I couldn’t agree more – the Wisconsin recall wasn’t just about anger, it was also about hope – that democracy still has meaning, that ideas and people matter, not just cash on hand and ad campaigns. Multiply that sentiment by a factor of ten for June 5th, and savor it.
Of course, cash does matter. However it’s worth noting that the Citizens United decision was not a direct factor in this election. Walker enjoyed a 8-1 money advantage, mostly from out of state, funded by the machinery of the right-wing conservative movement that does seek to impose its vision of illiberal economic feudalism on America. But Walker was not bound by the $10,000 state cap on personal donations because of a loophole in state law that exempts the incumbent. That loophole is as legal as the recall itself, and should be a subject of debate for electoral reform going forward.

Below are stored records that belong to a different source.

Lemma has_int_R_minus (k k' : R -> R) l l' : has_int_R k l -> has_int_R k' l' ->
  has_int_R (fun x => k x - k' x) (l - l').
Proof. intros H H'; exact (is_RInt_gen_minus (V:=R_NormedModule) k k' l l' H H'). Qed.

Lemma has_int_R_abs_le (k G : R -> R) lk lG : has_int_R k lk -> has_int_R G lG ->
  (forall x, Rabs (k x) <= G x) -> Rabs lk <= lG.
Proof.
  intros Hk HG H.
  apply (RInt_gen_norm (V:=R_CompleteNormedModule) k G lk lG); [| | exact Hk | exact HG].
  - exists (fun a => a < 0) (fun b => 0 < b); [now exists 0 | now exists 0 |].
    intros a b; simpl; lra.
  - apply filter_prod_infty_forall; intros; apply H.
Qed.

Lemma has_int_R_ge0 (k : R -> R) l : has_int_R k l -> (forall x, 0 <= k x) -> 0 <= l.
Proof.
  intros Hk H; pose proof (has_int_R_abs_le k k l l Hk Hk) as Habs.
  assert (Rabs l <= l) by (apply Habs; intros x; rewrite Rabs_pos_eq; auto; lra).
  pose proof (Rabs_pos l); lra.
Qed.

Lemma RInt_abs_le_RInt (k G : R -> R) a b : a <= b -> ex_RInt k a b -> ex_RInt G a b ->
  (forall x, a <= x <= b -> Rabs (k x) <= G x) -> Rabs (RInt k a b) <= RInt G a b.
Proof.
  intros Hab Hk HG H; apply (norm_RInt_le k G a b); auto;
    apply (RInt_correct (V:=R_CompleteNormedModule)); auto.
Qed.

Lemma RInt_nested_le (k G : R -> R) a b c d :
  (forall a b, ex_RInt k a b) -> (forall a b, ex_RInt G a b) ->
  (forall x, Rabs (k x) <= G x) -> a <= c -> c <= d -> d <= b ->
  Rabs (RInt k a b - RInt k c d) <= RInt G a b - RInt G c d.
Proof.
  intros Hk HG H Hac Hcd Hdb.
  rewrite <- (RInt_Chasles k a c b (Hk a c) (Hk c b)).
  rewrite <- (RInt_Chasles k c d b (Hk c d) (Hk d b)).
  rewrite <- (RInt_Chasles G a c b (HG a c) (HG c b)).
  rewrite <- (RInt_Chasles G c d b (HG c d) (HG d b)).
  unfold plus; simpl.
  pose proof (RInt_abs_le_RInt k G a c Hac (Hk a c) (HG a c) (fun x _ => H x)).
  pose proof (RInt_abs_le_RInt k G d b Hdb (Hk d b) (HG d b) (fun x _ => H x)).
  pose proof (Rabs_triang (RInt k a c) (RInt k d b)).
  replace (RInt k a c + (RInt k c d + RInt k d b) - RInt k c d)
    with (RInt k a c + RInt k d b) by ring.
  lra.
Qed.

And that’s the real fight ahead. As the progressive movement recoups from its loss yesterday, it’s important to remember – this was a battle, not the war. Instead of focusing on effects, we need to focus on causes: money in politics, electoral reform, and true persuasion of the liberal viewpoint to all those folks and neighbors of ours who voted for Walker (and 17% of whom will vote for Obama in November). That’s how you build a movement – by people-power, one person at a time. And one step at a time. This was just the first step.
UPDATE: Though she livesin Alaska and not Wisconsin, Bristol Palin blames the “lamestream media” in my state for misleading people that the Governor was defying the will of the people. I guess we agree to disagree on that, but certainly as an avowed supporter of the will of the people, surely Ms. Palin agrees that the recall was a valid expression of that Will. On that much we surely can agree.